At the next House sitting, media photographers staked out the Red House expecting to see him pull up on a bicycle. When later told this by Newsday inside the chamber, Scotland seemed bemused by the attention, even amid widespread social media memes – disparaging yet humorous – including a man with Scotland’s face neck-deep in flood waters holding high a bicycle.

St Augustine MP Khadijah Ameen, days later quipped to MPs, “I wonder if that particular member left Parliament that night and went home and lit coals to heat water to make a cup of tea?”

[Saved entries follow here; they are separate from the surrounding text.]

Definition slice (a : dir) (F : F4) (x y z t : R) : R -> C :=
  match a with
  | Dx => fun s => F s y z t
  | Dy => fun s => F x s z t
  | Dz => fun s => F x y s t
  | Dt => fun s => F x y z s
  end.
Definition coord (a : dir) (x y z t : R) : R :=
  match a with Dx => x | Dy => y | Dz => z | Dt => t end.

Definition ex_pd (a : dir) (F : F4) (x y z t : R) : Prop :=
  ex_derive (fun s => Re (slice a F x y z t s)) (coord a x y z t) /\
  ex_derive (fun s => Im (slice a F x y z t s)) (coord a x y z t).

Definition pd (a : dir) (F : F4) : F4 := fun x y z t =>
  (Derive (fun s => Re (slice a F x y z t s)) (coord a x y z t),
   Derive (fun s => Im (slice a F x y z t s)) (coord a x y z t)).

Definition lead (i : idx) (x y z t : R) (l : C) : C :=
  match i with
  | I1 => RtoC (- y)
  | I2 => (RtoC x + l * RtoC t)%C
  end.

Definition one_if_eq (i j : idx) : C :=
  match i, j with I1, I1 | I2, I2 => 1%C | _, _ => 0%C end.

(** Vector RH problem with spectral data Rsp_i (calR_i = zeta_i + Rsp_i),
    normalization at parameters (x,y,z,t): psi s i is the function phi_i^s. *)
Definition is_RH_solution (Rsp : idx -> C -> C -> R -> C) (x y z t : R)
    (psi : sgn -> idx -> C -> C) : Prop :=
  (forall s i, RH_analytic s (psi s i)) /\
  (forall i (r : R), psi Plus i (RtoC r) =
      (psi Minus i (RtoC r) + Rsp i (psi Minus I1 (RtoC r)) (psi Minus I2 (RtoC r)) r)%C) /\
  (forall s i, bigO_inv (half s) (fun l => psi s i l - lead i x y z t l)%C).

(** Jacobian J_ij = d calR_i / d zeta_j evaluated at phi^-, given the partial
    derivatives dR i j of Rsp_i w.r.t. zeta_j. *)
Definition Jac (dR : idx -> idx -> C -> C -> R -> C) (phim : idx -> C -> C)
    (i j : idx) (r : R) : C :=
  (one_if_eq i j + dR i j (phim I1 (RtoC r)) (phim I2 (RtoC r)) r)%C.

(** Unique solvability of the linearized problem sigma^+ = J sigma^-:
    its only solution vanishing at infinity is the trivial one. *)
Definition lin_unique (dR : idx -> idx -> C -> C -> R -> C) (phim : idx -> C -> C) : Prop :=
  forall sigma : sgn -> idx -> C -> C,
    (forall s i, RH_analytic s (sigma s i)) ->
    (forall i (r : R), sigma Plus i (RtoC r) =
        (Jac dR phim i I1 r * sigma Minus I1 (RtoC r)
         + Jac dR phim i I2 r * sigma Minus I2 (RtoC r))%C) ->
    (forall s i, lim_inf_in (half s) (sigma s i) 0%C) ->
    forall s i l, half s l -> sigma s i l = 0%C.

At the sod-turning for an Oropune Commercial Centre last month, Minister in the Ministry of Housing Adrian Leonce urged residents “to seize the opportunity to become business owners and positively impact your community”, and when asked by Newsday about any message to the population against the backdrop of the crime upsurge, urged people to truly grasp their legitimate opportunities.

In a mini reshuffle of Cabinet in March, Faris Al-Rawi demitted the post of attorney general (AG) to become Minister of Rural Development and Local Government, where he quickly took national centre stage to lead the country’s fight against landslips and prolonged flooding. Reginald Armour, SC, became AG.

Finance Minister Colm Imbert, seen here charging his laptop in Parliament, has overseen seven budgets from 2015 to 2022. –

Clarence Rambharat resigned as Minister of Agriculture to be replaced by Kazim Hosein (former local government minister), aided by newly-named Minister in the Ministry of Agriculture Nigel de Freitas, who was replaced as Senate vice president by Dr Muhammad Yunus Ibrahim.

Camille Robinson-Regis became Housing Minister, switching portfolios with Pennelope Beckles who became Planning Minister.

Opposition MPs have since left the parliamentary chamber upon Armour’s contributions, claiming him unsuitable.

In June a Miami-Dade Court disqualified him from representing TT in its civil lawsuit over the Piarco Airport corruption case, the court heeding complaints by defendants that Armour had used to be their defence counsel in criminal proceedings over the Piarco matter.

The polity was peppered by lawsuits by individuals claiming to be pursuing their legal rights.

Nunez-Tesheira took legal action as she complained about the holding of the PNM election over several days and alleged she was denied access to key election details such as voter lists.

Griffith’s lawsuit prevented Rowley laying in Parliament a report on the issuance of firearm user licences (FUL) under his tenure, amid media reports of allegations of bribery in the FUL process.

So, the past year has certainly been tumultuous one for the Government, navigating the pandemic including vaccination sceptics, running the country, and surviving the ups and downs of party politics, all against a backdrop of uncertainty of public revenues, people’s socio-economic well-being and even the weather.

Yet amid its challenges, the Government can at least compare itself favourably to the UK which in the past year has had three prime ministers – Boris Johnson, Liz Truss and now Rishi Sunak.